= Knock-for-knock agreement =

Agreement between insurance companies

A knock-for-knock agreement is an agreement between two insurance companies whereby, when both companies' policy-holders incur losses in the same insured event (usually a motor accident), each insurer pays the losses sustained by its own policy-holder regardless of who was responsible.

==Rationale==
The rationale is economic and administrative efficiency: While an insurer may be able to pursue a recovery from the party responsible for an accident or from its policy-holder, this is a costly administrative procedure. The knock-for-knock agreement simplifies recovery claims among insurers and, over time, attributes costs fairly among insurers.

However, knock-for-knock agreements between insurers have been criticised as unfair on the party not responsible for an accident. If, for the sake of administrative ease, an insurer pays out to repair damage done to its policy-holder's own car instead of pursuing the party responsible for the accident for all relevant costs, an effective claim is recorded against that policy-holder's insurance record. In this way, knock-for-knock agreements can result in policy-holders finding unexpectedly, when they come to renew their insurance, that they face higher premiums regardless of responsibility for an accident they were involved in.

==Other contexts==
===Military claims===

'Knock for knock' is also used in a specific, analogous sense, for example, the following, cited in the "Laws of War", from the US Army website:

 In addition to handling these routine matters, the chief of the Claims Section participated in the negotiations with the Korean government concerning the payment of foreign claims generated by troops of the Army of the Republic of Korea who were active in South Vietnam. In fact, the MACV Staff judge Advocate's office was to play a vital role in the negotiation and implementation of certain claims agreements with the Vietnamese government and the Free World allies which came to be known as "knock-for-knock" agreements.
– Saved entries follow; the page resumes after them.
(* Let $n$ be an even positive integer, $a,b\in\mathbb{C}$, $b\ne0$. Let $A^{\dagger}$ be the $n\times n$ tridiagonal matrix with diagonal entries $a$ and $A^{\dagger}_{k,k+1}=A^{\dagger}_{k+1,k}=(-1)^{k+1}b$ for $k=1,\dots,n-1$, let $\tilde J^{\dagger}$ be the $n\times n$ exchange matrix ($\tilde J^{\dagger}_{i,n+1-i}=1$, all other entries $0$), and let $\tilde A^{\dagger}$ be the anti-tridiagonal matrix with entries $\tilde A^{\dagger}_{ij}=A^{\dagger}_{n+1-i,j}$ (i.e. $\tilde A^{\dagger}=\tilde J^{\dagger}A^{\dagger}$; its first row is $(0,\dots,0,b,a)$, its second row $(0,\dots,0,-b,a,b)$, etc.). Then for every positive integer $s$, $$(\tilde A^{\dagger})^s=\begin{cases}(A^{\dagger})^s, & s \text{ even},\\ \tilde J^{\dagger}(A^{\dagger})^s, & s\text{ odd}.\end{cases}$$ *)

From HB Require Import structures.
From mathcomp Require Import all_boot all_order all_algebra.
From mathcomp Require Import complex reals.
Set Implicit Arguments. Unset Strict Implicit. Unset Printing Implicit Defensive.
Import Order.TTheory GRing.Theory Num.Theory.
Local Open Scope ring_scope.

(* Indices are 0-based: the paper's entry (k, l) is entry (k-1, l-1) here. *)

(* A^dagger: diagonal a, super/sub-diagonal entries (k,k+1),(k+1,k) equal to
   (-1)^(k+1) b for the 1-based k; with 0-based i = k-1 this is (-1)^i b. *)
Definition Adag {C : pzRingType} (n : nat) (a b : C) : 'M[C]_n :=
  \matrix_(i < n, j < n)
    if i == j :> nat then a
    else if j == i.+1 :> nat then (-1) ^+ i * b
    else if i == j.+1 :> nat then (-1) ^+ j * b
    else 0.

(* Exchange matrix: 1 at (i, n+1-i) 1-based, i.e. i + j = n - 1 0-based. *)
Definition Jdag {C : pzRingType} (n : nat) : 'M[C]_n :=
  \matrix_(i < n, j < n) if (i + j == n.-1)%N then 1 else 0.

Definition Atdag {C : pzRingType} (n : nat) (a b : C) : 'M[C]_n :=
  \matrix_(i < n, j < n) Adag n a b (rev_ord i) j.

From HB Require Import structures.
From mathcomp Require Import all_boot all_order all_algebra.
From mathcomp Require Import complex reals.
From mathcomp Require Import zify.
Import Order.TTheory GRing.Theory Num.Theory.
Local Open Scope ring_scope.
Local Open Scope complex_scope.

(* Since tilde A = J A, the identity follows from J^2 = 1 once J and A
   commute, i.e. once A is persymmetric: A_{n-1-i, j} = A_{i, n-1-j}.  This
   reflection exchanges the off-diagonal entries (k, k+1) and (n-2-k, n-1-k),
   whose signs (-1)^k and (-1)^(n-2-k) agree exactly because n is even. *)

Lemma eq_signr_even (R : pzRingType) (p q : nat) :
  ~~ odd (p + q) -> (-1) ^+ p = (-1) ^+ q :> R.
Proof.
rewrite oddD -signr_odd -[RHS]signr_odd.
by case: (odd p) (odd q) => [] [].
Qed.

Section ExchangeMatrix.
Variable C : pzRingType.

Lemma mul_Jdag_mx n m (M : 'M[C]_(n, m)) i j :
  (Jdag n *m M) i j = M (rev_ord i) j.
Proof.
rewrite !mxE (bigD1 (rev_ord i)) //= big1 ?addr0.
  by rewrite mxE /= ifT ?mul1r //; apply/eqP; have := ltn_ord i; lia.
move=> k /eqP k_neq; rewrite mxE ifF ?mul0r //; apply/negbTE/eqP => ik.
by apply: k_neq; apply: val_inj => /=; lia.
Qed.

Lemma mul_mx_Jdag n m (M : 'M[C]_(m, n)) i j :
  (M *m Jdag n) i j = M i (rev_ord j).
Proof.
rewrite !mxE (bigD1 (rev_ord j)) //= big1 ?addr0.
  by rewrite mxE /= ifT ?mulr1 //; apply/eqP; have := ltn_ord j; lia.
move=> k /eqP k_neq; rewrite mxE ifF ?mulr0 //; apply/negbTE/eqP => kj.
by apply: k_neq; apply: val_inj => /=; lia.
Qed.

Lemma Jdag_invol n : Jdag n *m Jdag n = 1%:M :> 'M[C]_n.
Proof.
apply/matrixP => i j; rewrite mul_Jdag_mx !mxE /=.
suff -> : (n - i.+1 + j == n.-1)%N = (i == j) by case: (i == j).
move: (ltn_ord i) (ltn_ord j) => lt_in lt_jn.
by apply/eqP/eqP => [ij | ->]; [apply: val_inj => /=|]; lia.
Qed.

Lemma Jdag_expr n s :
  (Jdag n : 'M[C]_n) ^+ s = if odd s then Jdag n else 1.
Proof.
elim: s => [|s IHs]; first by rewrite expr0.
rewrite exprS IHs /=; case: (odd s) => /=; last by rewrite mulr1.
by rewrite -mulmxE Jdag_invol.
Qed.

End ExchangeMatrix.

Section Persymmetry.
Variables (C : pzRingType) (n : nat) (a b : C).
Hypothesis n_even : ~~ odd n.

Lemma Adag_rev i j :
  Adag n a b (rev_ord i) j = Adag n a b i (rev_ord j).
Proof.
have [m n_eq] : exists m, n = m.*2.
  by exists n./2; rewrite -[LHS]odd_double_half (negbTE n_even).
rewrite !mxE /=; move: (ltn_ord i) (ltn_ord j).
move: (nat_of_ord i) (nat_of_ord j) => {}i {}j ltin ltjn.
have -> : (n - i.+1 == j)%N = (i == n - j.+1)%N by apply/eqP/eqP; lia.
have -> : (j == (n - i.+1).+1)%N = (i == (n - j.+1).+1)%N by apply/eqP/eqP; lia.
have -> : (n - i.+1 == j.+1)%N = (n - j.+1 == i.+1)%N by apply/eqP/eqP; lia.
case: eqP => // _.
case: eqP => [i_eq|_]; case: eqP => [j_eq|_] //; first lia.
- congr (_ * _); apply: eq_signr_even.
  have -> : (n - i.+1 + (n - j.+1) = (m - 1).*2)%N by lia.
  by rewrite odd_double.
- congr (_ * _); apply: eq_signr_even.
  have -> : (j + i = (m - 1).*2)%N by lia.
  by rewrite odd_double.
Qed.

Lemma Jdag_Adag_comm : Jdag n *m Adag n a b = Adag n a b *m Jdag n.
Proof.
by apply/matrixP => i j; rewrite mul_Jdag_mx mul_mx_Jdag Adag_rev.
Qed.

End Persymmetry.

Lemma Atdag_Jdag (C : pzRingType) n (a b : C) :
  Atdag n a b = Jdag n *m Adag n a b.
Proof. by apply/matrixP => i j; rewrite mul_Jdag_mx mxE. Qed.

Lemma Atdag_expr (C : pzRingType) n (a b : C) s : ~~ odd n ->
  Atdag n a b ^+ s = Jdag n ^+ s * Adag n a b ^+ s.
Proof.
move=> n_even; rewrite Atdag_Jdag mulmxE exprMn_comm //.
by rewrite /GRing.comm -!mulmxE Jdag_Adag_comm.
Qed.

Theorem lemma5 (R : realType) (n : nat) (hn : ~~ odd n.+1)
    (a b : R[i]) (hb : b != 0) (s : nat) (hs : (0 < s)%N) :
  (Atdag n.+1 a b) ^+ s =
    (if odd s then Jdag n.+1 *m (Adag n.+1 a b) ^+ s
     else (Adag n.+1 a b) ^+ s).
Proof.
by rewrite Atdag_expr // Jdag_expr; case: (odd s); rewrite ?mulmxE ?mul1r.
Qed.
These compacts contained provisions whereby the government of one nation waived the claims against the government of the second nation for damage to government property. The agreements did not, however, waive the personal right of an individual to claim damages in the case of negligence of a member of the force of another allied nation. The arrangements nevertheless removed a potential irritant to the relationships among the Free World forces.
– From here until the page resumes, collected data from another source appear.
(* Let $p$ be a prime, $n$ a positive integer, and $t$ a real number with $1\le t\le p$. For $A\in GL(n,\mathbf{Q}_p)$ let $\|A\|=\max_{j,k}|a_{j,k}|_p$, $r(A)=\max(\|A-I\|,\|A^{-1}-I\|)$ and $r'(A)=\min(r(A),t)$. Then $r'(I)=0$, $r'(A)>0$ for $A\neq I$, $r'(A^{-1})=r'(A)$, and $r'(AB)\le\max(r'(A),r'(B))$ for all $A,B\in GL(n,\mathbf{Q}_p)$. Consequently $r'(B^{-1}A)$ is a left-invariant ultrametric and $r'(AB^{-1})$ a right-invariant ultrametric on $GL(n,\mathbf{Q}_p)$, each determining the standard topology; and for $A,B\in GL(n,\mathbf{Z}_p)$ one has $r'(B^{-1}A)=\|A-B\|$.
   Context: $GL(n,\mathbf{Q}_p)$ is the group of invertible $n\times n$ matrices over $\mathbf{Q}_p$ with topology induced from $M_n(\mathbf{Q}_p)\cong\mathbf{Q}_p^{n^2}$; $GL(n,\mathbf{Z}_p)=\{A\in M_n(\mathbf{Z}_p): |\det A|_p=1\}$. *)

(* Such (K, v) is exactly (a copy of) the completion Q_p of (Q, |.|_p). *)
From HB Require Import structures.
From mathcomp Require Import all_boot all_order all_algebra.
From mathcomp Require Import reals.
Set Implicit Arguments. Unset Strict Implicit. Unset Printing Implicit Defensive.
Import Order.TTheory GRing.Theory Num.Theory.
Local Open Scope ring_scope.

Record is_Qp (p : nat) (R : realType) (K : fieldType) (v : K -> R) : Prop := {
  Qp_abs_ge0 : forall x, 0 <= v x;
  Qp_abs_eq0 : forall x, v x = 0 <-> x = 0;
  Qp_absM : forall x y, v (x * y) = v x * v y;
  Qp_abs_ultra : forall x y, v (x + y) <= Num.max (v x) (v y);
  Qp_abs_p : v (p%:R) = (p%:R)^-1;
  Qp_complete : forall u : nat -> K,
    (forall eps : R, 0 < eps -> exists N : nat, forall m k : nat,
        (N <= m)%N -> (N <= k)%N -> v (u m - u k) < eps) ->
    exists l : K, forall eps : R, 0 < eps -> exists N : nat, forall m : nat,
        (N <= m)%N -> v (u m - l) < eps;
  Qp_Q_dense : forall (x : K) (eps : R), 0 < eps ->
    exists q : rat, v (x - ratr q) < eps
}.

Section Defs.
Variables (R : realType) (K : fieldType) (v : K -> R) (n : nat).

Definition mxnorm (A : 'M[K]_n) : R :=
  \big[Num.max/0]_(j < n) \big[Num.max/0]_(k < n) v (A j k).

Definition rmx (A : 'M[K]_n) : R :=
  Num.max (mxnorm (A - 1%:M)) (mxnorm (invmx A - 1%:M)).

Definition rmx' (t : R) (A : 'M[K]_n) : R := Num.min (rmx A) t.

Definition GLZp (A : 'M[K]_n) : Prop :=
  (forall j k, v (A j k) <= 1) /\ v (\det A) = 1.

Definition ultrametric_GL (d : 'M[K]_n -> 'M[K]_n -> R) : Prop :=
  (forall A B, A \in unitmx -> B \in unitmx -> 0 <= d A B) /\
  (forall A, A \in unitmx -> d A A = 0) /\
  (forall A B, A \in unitmx -> B \in unitmx -> d A B = 0 -> A = B) /\
  (forall A B, A \in unitmx -> B \in unitmx -> d A B = d B A) /\
  (forall A B C, A \in unitmx -> B \in unitmx -> C \in unitmx ->
     d A C <= Num.max (d A B) (d B C)).

(* the metric d induces on GL(n,K) the topology induced from
   M_n(K) = K^(n^2) (product topology = topology of the sup norm) *)
Definition standard_topology_GL (d : 'M[K]_n -> 'M[K]_n -> R) : Prop :=
  forall U : 'M[K]_n -> Prop,
    (forall A, A \in unitmx -> U A -> exists2 eps : R, 0 < eps &
        forall B, B \in unitmx -> d A B < eps -> U B) <->
    (forall A, A \in unitmx -> U A -> exists2 eps : R, 0 < eps &
        forall B, B \in unitmx -> mxnorm (B - A) < eps -> U B).

End Defs.

(* The absolute value of Q_p takes its nonzero values in p^Z, so a matrix whose
   entries all have absolute value < t <= p has norm at most 1.  Hence when
   r(A), r(B) < t, the identity AB - 1 = (A - 1) B + (B - 1) and the
   ultrametric inequality give r(AB) <= max(r(A), r(B)); when one of them is
   >= t the truncation at t makes the inequality trivial.  The usual group-norm
   argument then makes r'(B^-1 A) a left-invariant ultrametric, and
   transposition carries it to the right-invariant one.  Both are comparable to
   ||B - A|| near any point because ||X^-1 - 1|| <= ||X - 1|| once
   ||X - 1|| < 1.  On GL(n, Z_p), multiplication by B^-1 preserves ||.||, so
   r'(B^-1 A) = ||B^-1 A - 1|| = ||A - B||. *)

From HB Require Import structures.
From mathcomp Require Import all_boot all_order all_algebra.
From mathcomp Require Import reals.
Import Order.TTheory GRing.Theory Num.Theory.
Local Open Scope ring_scope.
Set Implicit Arguments. Unset Strict Implicit.

Record nonarchimedean_abs (R : realType) (K : fieldType) (v : K -> R) : Prop := {
  nabs_ge0 : forall x, 0 <= v x;
  nabs_eq0 : forall x, v x = 0 <-> x = 0;
  nabsM : forall x y, v (x * y) = v x * v y;
  nabs_ultra : forall x y, v (x + y) <= Num.max (v x) (v y)
}.

Lemma Qp_nonarchimedean p (R : realType) (K : fieldType) (v : K -> R) :
  is_Qp p v -> nonarchimedean_abs v.
Proof. by case. Qed.

Section NonarchimedeanAbs.
Variables (R : realType) (K : fieldType) (v : K -> R).
Hypothesis Hv : nonarchimedean_abs v.

Lemma nabs0 : v 0 = 0. Proof. exact/(nabs_eq0 Hv). Qed.

Lemma nabs_gt0 x : x != 0 -> 0 < v x.
Proof. by move=> x0; rewrite lt0r (nabs_ge0 Hv) andbT; apply: contra_neq x0 => /(nabs_eq0 Hv). Qed.

Lemma nabs1 : v 1 = 1.
Proof.
have v1_gt0 : 0 < v 1 by rewrite nabs_gt0 ?oner_neq0.
by apply: (mulfI (lt0r_neq0 v1_gt0)); rewrite -(nabsM Hv) !mulr1.
Qed.

Lemma nabsX x k : v (x ^+ k) = v x ^+ k.
Proof. by elim: k => [|k IH]; rewrite ?nabs1 // !exprS (nabsM Hv) IH. Qed.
===Oil and gas industry===
'Knock for knock' is a common contractual arrangement in the oil and gas industry. The operator of an oil and gas property requires the assistance and expertise of many kinds of contractors, including drilling companies, well service companies, facility constructors, equipment suppliers, and caterers. Generally, the operator will engage these services under a master service agreement which sets forth the essential commercial terms under which the work will be performed. One of these terms is the allocation of the risk of loss to people and property. In general, a knock-for-knock agreement means that each party working on an oil and gas worksite—the operator and each contractor—agrees to protect and indemnify all the other parties against injuries to that party's employees and agents, and destruction or damage to that party's property. This allocation is not based upon the fault or culpability of the party whose employee was injured or whose property was damaged. The goal is the efficient defense and payment of a claim through having a single party responsible for the loss.